ASSIGNED TASK: Using "hneg" as the search string, find the matching lines below and copy them.

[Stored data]
▶

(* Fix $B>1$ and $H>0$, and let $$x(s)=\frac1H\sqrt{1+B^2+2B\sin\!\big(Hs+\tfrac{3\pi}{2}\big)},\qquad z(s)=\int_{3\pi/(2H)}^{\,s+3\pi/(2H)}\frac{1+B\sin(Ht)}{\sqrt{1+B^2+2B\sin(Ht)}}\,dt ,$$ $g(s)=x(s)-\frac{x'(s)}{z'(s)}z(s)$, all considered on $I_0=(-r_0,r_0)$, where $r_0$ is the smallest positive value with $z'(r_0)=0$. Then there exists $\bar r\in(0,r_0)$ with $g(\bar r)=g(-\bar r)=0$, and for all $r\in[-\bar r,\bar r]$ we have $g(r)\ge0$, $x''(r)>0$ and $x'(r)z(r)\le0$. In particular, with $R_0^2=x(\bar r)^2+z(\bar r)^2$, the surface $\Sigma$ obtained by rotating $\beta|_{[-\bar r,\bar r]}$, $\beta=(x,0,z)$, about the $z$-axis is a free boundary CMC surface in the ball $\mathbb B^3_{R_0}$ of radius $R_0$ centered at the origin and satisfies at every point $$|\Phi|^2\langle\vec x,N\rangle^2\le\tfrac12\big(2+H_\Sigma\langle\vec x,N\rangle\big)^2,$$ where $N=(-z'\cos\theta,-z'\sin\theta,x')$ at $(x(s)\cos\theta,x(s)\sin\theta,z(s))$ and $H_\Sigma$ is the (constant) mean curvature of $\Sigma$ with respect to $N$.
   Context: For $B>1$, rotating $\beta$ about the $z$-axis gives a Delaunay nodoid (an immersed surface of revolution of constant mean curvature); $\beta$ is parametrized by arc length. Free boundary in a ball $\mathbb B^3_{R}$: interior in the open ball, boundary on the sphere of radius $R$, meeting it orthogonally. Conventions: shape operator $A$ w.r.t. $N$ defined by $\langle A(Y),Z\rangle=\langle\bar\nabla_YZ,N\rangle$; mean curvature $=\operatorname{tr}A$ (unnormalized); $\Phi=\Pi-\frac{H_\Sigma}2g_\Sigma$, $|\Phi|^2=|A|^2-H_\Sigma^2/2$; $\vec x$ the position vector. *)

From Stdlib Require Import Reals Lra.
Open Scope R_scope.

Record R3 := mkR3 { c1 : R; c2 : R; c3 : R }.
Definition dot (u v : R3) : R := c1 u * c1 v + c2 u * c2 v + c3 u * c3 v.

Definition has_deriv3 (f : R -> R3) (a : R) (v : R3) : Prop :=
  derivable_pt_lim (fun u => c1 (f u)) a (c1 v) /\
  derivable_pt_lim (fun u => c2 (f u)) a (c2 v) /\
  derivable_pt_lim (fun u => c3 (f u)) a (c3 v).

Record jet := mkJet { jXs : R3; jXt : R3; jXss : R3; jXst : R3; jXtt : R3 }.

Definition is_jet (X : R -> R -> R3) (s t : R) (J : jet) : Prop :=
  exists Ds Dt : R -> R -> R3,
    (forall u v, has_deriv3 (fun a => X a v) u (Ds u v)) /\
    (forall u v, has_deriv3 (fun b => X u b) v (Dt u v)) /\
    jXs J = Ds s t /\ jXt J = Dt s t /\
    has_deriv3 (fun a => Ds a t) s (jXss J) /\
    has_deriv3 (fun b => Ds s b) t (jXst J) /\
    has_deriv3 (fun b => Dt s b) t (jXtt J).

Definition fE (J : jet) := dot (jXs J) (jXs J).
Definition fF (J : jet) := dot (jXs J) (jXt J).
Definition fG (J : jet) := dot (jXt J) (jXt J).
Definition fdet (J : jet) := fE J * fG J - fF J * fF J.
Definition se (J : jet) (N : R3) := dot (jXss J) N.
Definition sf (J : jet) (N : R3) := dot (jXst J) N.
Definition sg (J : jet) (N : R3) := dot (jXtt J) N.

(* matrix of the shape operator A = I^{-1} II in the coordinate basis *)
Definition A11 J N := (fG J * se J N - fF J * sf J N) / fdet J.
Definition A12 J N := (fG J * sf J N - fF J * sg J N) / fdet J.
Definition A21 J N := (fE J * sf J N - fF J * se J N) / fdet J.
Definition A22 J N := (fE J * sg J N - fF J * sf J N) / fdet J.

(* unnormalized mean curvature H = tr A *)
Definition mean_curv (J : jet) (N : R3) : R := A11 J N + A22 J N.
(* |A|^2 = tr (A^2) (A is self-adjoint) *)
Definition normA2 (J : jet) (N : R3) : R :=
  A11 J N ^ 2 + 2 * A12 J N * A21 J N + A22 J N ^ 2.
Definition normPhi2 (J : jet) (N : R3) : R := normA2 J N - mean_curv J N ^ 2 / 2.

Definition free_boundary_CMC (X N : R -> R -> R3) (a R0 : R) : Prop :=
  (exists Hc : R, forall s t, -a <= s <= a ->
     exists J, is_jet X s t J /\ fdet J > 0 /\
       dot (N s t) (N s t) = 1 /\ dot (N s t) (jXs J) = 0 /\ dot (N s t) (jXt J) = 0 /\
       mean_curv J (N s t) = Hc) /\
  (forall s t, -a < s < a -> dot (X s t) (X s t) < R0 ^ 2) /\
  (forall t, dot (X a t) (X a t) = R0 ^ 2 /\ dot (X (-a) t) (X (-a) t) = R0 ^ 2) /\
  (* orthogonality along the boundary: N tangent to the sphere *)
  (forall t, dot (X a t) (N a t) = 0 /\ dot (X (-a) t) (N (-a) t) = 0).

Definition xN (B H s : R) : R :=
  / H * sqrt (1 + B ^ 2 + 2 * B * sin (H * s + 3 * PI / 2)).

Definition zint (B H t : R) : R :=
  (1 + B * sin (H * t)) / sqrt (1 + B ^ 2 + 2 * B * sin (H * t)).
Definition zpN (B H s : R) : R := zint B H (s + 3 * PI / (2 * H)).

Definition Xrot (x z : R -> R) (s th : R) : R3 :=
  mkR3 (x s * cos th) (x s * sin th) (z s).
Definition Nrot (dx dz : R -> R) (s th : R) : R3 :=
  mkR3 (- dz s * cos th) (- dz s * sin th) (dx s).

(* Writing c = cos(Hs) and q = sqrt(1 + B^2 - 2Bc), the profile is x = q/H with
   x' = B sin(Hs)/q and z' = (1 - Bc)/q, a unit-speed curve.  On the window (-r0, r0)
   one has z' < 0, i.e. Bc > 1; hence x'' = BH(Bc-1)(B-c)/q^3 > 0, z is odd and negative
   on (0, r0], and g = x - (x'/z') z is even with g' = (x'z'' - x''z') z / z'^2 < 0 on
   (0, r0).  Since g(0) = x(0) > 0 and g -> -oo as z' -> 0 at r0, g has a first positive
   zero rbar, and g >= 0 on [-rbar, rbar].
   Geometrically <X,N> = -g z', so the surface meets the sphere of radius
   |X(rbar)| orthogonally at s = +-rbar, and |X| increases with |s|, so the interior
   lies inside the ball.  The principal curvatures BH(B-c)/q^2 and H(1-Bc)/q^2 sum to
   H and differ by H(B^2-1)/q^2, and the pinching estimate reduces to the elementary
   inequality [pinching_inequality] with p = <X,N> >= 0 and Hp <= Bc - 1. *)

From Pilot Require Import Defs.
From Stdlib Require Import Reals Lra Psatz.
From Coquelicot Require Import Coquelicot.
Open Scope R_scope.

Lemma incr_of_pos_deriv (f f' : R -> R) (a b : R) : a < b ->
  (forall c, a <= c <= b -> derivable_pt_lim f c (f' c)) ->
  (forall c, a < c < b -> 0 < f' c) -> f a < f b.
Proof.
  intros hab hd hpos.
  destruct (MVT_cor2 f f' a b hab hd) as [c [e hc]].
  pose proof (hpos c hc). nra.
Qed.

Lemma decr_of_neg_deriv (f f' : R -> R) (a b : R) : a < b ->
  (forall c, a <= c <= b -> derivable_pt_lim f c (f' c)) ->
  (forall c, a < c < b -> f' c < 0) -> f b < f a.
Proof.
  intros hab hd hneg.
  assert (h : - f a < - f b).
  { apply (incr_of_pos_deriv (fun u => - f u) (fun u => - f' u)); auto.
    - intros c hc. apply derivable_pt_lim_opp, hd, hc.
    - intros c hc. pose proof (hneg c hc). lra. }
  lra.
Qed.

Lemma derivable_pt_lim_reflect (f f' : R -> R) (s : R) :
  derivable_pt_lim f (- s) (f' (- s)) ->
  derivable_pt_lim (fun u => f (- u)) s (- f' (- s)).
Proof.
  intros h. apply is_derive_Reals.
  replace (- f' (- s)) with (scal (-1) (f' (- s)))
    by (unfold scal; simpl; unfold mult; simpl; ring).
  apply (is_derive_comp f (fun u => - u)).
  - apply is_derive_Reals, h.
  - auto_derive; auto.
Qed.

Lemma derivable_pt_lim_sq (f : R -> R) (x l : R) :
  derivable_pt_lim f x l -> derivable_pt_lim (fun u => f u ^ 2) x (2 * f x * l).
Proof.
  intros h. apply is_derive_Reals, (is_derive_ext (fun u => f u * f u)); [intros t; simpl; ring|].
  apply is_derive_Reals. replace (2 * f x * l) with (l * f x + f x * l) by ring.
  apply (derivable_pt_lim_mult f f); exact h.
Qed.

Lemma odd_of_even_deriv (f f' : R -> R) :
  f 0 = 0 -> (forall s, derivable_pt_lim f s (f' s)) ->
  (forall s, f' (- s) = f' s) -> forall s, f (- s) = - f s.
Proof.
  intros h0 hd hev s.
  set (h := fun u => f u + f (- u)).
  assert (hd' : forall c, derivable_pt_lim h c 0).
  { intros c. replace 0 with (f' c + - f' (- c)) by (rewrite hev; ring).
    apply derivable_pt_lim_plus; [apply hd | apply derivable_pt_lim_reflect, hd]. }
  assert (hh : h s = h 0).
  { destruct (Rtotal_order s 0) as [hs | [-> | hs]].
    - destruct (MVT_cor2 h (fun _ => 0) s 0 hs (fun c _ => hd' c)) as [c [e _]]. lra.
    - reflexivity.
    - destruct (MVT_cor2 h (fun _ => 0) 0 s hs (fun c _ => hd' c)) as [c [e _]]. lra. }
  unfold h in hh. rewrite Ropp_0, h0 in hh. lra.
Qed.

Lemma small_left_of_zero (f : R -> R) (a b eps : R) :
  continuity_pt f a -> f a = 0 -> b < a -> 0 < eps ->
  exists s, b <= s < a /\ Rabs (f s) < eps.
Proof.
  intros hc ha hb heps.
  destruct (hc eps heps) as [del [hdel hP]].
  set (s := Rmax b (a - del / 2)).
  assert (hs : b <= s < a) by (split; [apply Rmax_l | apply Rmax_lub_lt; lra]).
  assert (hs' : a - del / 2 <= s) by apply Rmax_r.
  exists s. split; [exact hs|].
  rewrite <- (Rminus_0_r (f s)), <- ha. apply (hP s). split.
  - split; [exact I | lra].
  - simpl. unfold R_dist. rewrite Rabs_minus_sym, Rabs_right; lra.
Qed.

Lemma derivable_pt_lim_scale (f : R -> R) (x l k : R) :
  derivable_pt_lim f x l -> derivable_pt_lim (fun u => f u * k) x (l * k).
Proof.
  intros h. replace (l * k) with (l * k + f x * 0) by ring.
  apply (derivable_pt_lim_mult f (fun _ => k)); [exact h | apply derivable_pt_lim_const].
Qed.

◀

FINAL ANSWER:
  intros hab hd hneg.
    - intros c hc. pose proof (hneg c hc). lra. }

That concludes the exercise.